* WHAT IS BEING ASKED: Look below for the line containing "bounded_fun f -> bounded_fun h -> bounded_fun"; from there through the line containing "move=> fb hb;", both lines included, please set down each line exactly and nothing else.

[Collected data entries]

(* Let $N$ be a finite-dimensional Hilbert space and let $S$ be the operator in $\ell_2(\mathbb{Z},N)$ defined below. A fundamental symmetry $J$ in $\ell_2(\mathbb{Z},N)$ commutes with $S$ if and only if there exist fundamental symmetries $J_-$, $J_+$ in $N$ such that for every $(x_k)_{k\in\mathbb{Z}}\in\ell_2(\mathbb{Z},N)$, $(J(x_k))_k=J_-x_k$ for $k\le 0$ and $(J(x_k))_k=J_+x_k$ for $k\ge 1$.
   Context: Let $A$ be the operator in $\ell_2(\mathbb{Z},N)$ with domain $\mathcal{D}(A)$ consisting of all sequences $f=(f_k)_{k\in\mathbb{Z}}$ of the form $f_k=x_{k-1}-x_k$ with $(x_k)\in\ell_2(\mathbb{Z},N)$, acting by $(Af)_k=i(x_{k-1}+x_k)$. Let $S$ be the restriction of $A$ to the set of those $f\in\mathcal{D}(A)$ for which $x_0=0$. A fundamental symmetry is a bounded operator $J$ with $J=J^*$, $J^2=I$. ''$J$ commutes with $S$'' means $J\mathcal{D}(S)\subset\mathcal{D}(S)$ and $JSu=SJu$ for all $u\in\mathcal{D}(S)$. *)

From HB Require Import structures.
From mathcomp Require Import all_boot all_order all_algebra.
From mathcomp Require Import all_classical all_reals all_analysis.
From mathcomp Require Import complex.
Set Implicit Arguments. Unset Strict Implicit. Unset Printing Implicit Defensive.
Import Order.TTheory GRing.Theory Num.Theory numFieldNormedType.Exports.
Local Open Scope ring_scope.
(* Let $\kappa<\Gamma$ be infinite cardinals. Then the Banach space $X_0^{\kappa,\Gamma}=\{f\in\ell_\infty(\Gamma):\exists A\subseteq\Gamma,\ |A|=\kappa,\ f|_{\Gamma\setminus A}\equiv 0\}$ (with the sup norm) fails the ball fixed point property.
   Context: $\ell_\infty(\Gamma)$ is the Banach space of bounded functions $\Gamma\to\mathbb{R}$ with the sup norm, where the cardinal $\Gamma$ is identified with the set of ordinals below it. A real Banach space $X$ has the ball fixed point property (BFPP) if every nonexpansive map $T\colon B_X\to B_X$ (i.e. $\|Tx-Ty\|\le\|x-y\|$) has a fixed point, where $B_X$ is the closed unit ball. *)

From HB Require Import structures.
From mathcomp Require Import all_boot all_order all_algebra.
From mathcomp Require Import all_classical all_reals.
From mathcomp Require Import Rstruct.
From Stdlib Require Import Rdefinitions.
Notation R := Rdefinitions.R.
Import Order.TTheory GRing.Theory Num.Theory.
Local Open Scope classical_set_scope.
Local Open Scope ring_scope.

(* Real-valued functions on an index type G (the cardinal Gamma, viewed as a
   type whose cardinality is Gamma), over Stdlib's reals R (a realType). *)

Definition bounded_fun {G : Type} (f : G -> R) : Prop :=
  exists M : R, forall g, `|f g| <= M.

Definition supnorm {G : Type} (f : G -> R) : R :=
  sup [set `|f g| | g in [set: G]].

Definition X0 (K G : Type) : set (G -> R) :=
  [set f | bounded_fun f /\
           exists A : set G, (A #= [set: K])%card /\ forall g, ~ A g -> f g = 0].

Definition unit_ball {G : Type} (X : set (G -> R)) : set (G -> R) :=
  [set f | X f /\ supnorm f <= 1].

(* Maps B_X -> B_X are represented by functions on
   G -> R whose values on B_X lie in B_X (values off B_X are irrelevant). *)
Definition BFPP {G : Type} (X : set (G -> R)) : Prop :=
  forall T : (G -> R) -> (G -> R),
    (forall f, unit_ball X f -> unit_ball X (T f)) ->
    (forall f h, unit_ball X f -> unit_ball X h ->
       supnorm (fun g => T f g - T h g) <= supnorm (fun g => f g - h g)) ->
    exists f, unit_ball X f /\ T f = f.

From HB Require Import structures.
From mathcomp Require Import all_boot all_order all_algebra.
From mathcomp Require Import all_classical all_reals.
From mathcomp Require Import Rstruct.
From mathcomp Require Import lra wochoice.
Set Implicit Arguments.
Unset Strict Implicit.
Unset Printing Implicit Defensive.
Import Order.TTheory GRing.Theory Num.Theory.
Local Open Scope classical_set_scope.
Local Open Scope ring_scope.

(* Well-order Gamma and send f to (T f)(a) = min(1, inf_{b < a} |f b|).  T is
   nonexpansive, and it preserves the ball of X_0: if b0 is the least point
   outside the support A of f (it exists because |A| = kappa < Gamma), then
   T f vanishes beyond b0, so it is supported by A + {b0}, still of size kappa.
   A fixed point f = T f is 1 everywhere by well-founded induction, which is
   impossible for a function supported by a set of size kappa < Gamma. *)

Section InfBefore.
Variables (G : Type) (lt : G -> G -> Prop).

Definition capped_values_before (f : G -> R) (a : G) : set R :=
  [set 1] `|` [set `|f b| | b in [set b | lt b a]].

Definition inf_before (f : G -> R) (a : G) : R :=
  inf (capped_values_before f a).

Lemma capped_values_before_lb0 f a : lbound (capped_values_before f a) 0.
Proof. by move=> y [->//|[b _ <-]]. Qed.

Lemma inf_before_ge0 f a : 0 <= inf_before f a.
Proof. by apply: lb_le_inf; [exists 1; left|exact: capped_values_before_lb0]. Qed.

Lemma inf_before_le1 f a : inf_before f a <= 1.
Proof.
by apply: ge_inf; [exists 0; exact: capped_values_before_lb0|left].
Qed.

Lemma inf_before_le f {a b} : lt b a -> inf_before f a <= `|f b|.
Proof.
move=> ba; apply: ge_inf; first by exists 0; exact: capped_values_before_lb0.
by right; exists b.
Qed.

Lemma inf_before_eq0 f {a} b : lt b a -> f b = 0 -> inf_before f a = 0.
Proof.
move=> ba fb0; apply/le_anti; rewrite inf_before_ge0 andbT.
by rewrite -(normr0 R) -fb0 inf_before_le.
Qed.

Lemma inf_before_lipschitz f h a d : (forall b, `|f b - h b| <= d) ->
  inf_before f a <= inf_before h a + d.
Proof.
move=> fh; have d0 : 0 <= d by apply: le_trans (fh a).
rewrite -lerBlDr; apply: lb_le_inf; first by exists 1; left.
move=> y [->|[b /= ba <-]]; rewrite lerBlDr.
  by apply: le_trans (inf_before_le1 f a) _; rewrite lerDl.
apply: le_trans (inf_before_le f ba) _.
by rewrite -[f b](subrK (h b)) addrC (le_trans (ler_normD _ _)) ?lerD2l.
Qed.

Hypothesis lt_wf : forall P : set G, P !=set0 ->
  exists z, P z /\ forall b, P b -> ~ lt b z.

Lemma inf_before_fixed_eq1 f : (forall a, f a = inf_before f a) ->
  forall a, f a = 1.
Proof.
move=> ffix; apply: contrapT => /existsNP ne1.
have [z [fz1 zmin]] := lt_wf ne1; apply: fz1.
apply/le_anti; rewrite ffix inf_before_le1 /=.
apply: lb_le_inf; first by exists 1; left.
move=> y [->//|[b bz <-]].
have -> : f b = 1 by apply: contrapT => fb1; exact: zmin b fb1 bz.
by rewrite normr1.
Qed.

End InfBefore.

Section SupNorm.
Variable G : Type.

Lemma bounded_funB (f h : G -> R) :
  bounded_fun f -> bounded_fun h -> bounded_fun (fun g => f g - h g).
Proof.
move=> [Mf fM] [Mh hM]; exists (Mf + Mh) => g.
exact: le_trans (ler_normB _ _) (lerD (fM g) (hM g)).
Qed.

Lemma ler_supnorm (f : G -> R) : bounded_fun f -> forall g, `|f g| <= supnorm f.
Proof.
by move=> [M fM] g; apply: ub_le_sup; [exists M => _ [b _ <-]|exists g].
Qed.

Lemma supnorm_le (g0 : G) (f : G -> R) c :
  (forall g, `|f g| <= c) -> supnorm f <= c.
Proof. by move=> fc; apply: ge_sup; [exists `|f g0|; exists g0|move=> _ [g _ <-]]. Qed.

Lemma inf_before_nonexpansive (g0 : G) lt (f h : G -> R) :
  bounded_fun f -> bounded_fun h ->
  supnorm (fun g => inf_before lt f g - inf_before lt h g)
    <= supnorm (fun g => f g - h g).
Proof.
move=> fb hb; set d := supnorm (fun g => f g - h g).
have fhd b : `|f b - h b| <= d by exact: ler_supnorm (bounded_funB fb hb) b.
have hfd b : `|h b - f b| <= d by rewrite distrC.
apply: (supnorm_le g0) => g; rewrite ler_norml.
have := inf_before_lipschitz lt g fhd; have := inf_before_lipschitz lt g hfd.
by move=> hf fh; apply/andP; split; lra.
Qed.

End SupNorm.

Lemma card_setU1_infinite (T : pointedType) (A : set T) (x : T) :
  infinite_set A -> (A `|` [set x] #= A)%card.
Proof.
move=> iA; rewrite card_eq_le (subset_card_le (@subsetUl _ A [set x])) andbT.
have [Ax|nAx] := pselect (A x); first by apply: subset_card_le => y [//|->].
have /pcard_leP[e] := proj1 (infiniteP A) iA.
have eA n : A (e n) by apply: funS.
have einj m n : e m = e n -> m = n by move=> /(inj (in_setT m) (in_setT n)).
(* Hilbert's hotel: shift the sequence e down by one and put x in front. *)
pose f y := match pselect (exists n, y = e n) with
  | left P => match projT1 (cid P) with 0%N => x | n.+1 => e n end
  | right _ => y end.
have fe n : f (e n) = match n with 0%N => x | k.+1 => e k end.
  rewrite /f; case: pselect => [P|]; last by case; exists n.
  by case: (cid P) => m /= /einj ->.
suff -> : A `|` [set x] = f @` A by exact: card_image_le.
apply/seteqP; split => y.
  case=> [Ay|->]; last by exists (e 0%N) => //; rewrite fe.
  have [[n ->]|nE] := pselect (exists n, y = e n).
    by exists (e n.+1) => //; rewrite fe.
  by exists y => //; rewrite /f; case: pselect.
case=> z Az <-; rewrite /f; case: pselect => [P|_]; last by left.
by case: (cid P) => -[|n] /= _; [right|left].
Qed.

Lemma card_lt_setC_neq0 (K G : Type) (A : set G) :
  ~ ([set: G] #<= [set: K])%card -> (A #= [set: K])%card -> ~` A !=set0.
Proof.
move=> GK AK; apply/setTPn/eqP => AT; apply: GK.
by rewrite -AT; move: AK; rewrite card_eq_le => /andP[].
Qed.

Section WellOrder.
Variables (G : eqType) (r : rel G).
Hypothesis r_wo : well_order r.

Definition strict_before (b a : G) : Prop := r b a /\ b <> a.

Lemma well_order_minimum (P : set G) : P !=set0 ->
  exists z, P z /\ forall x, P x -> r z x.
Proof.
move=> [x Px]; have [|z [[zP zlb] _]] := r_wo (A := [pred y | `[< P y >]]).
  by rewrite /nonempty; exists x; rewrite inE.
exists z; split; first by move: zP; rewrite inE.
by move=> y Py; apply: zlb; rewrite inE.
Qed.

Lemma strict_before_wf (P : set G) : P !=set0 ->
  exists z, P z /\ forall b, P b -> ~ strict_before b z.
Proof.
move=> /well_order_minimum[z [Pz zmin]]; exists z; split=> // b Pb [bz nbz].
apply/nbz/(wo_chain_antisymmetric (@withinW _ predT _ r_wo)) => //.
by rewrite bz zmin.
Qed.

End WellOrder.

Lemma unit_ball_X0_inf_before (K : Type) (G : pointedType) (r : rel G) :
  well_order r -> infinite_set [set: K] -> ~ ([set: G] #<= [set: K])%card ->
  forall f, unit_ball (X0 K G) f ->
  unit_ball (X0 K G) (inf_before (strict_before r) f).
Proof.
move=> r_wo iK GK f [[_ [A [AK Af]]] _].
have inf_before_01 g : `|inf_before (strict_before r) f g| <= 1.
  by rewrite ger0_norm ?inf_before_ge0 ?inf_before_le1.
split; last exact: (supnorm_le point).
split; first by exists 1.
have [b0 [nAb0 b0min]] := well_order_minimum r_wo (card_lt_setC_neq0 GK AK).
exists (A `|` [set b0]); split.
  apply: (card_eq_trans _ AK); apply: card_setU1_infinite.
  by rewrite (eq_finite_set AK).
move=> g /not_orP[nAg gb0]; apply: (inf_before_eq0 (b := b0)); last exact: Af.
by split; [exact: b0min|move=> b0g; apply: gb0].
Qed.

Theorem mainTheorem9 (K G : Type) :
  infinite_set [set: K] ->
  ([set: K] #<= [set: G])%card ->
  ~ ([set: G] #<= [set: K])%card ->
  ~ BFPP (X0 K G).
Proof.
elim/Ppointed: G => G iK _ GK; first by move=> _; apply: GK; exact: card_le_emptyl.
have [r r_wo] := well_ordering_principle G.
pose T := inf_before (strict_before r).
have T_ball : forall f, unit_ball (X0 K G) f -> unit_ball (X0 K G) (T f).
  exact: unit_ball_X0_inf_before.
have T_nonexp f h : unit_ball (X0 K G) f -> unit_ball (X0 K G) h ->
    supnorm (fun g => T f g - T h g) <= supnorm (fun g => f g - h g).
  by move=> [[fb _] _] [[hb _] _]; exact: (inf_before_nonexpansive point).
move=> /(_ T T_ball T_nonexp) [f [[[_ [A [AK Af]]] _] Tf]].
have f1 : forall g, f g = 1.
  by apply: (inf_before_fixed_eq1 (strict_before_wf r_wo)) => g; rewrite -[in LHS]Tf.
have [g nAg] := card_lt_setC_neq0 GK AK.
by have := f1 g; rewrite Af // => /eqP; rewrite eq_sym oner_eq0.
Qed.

* SOLUTION TO THE EXERCISE:
  bounded_fun f -> bounded_fun h -> bounded_fun (fun g => f g - h g).
Proof.
move=> [Mf fM] [Mh hM]; exists (Mf + Mh) => g.
exact: le_trans (ler_normB _ _) (lerD (fM g) (hM g)).
Qed.

Lemma ler_supnorm (f : G -> R) : bounded_fun f -> forall g, `|f g| <= supnorm f.
Proof.
by move=> [M fM] g; apply: ub_le_sup; [exists M => _ [b _ <-]|exists g].
Qed.

Lemma supnorm_le (g0 : G) (f : G -> R) c :
  (forall g, `|f g| <= c) -> supnorm f <= c.
Proof. by move=> fc; apply: ge_sup; [exists `|f g0|; exists g0|move=> _ [g _ <-]]. Qed.

Lemma inf_before_nonexpansive (g0 : G) lt (f h : G -> R) :
  bounded_fun f -> bounded_fun h ->
  supnorm (fun g => inf_before lt f g - inf_before lt h g)
    <= supnorm (fun g => f g - h g).
Proof.
move=> fb hb; set d := supnorm (fun g => f g - h g).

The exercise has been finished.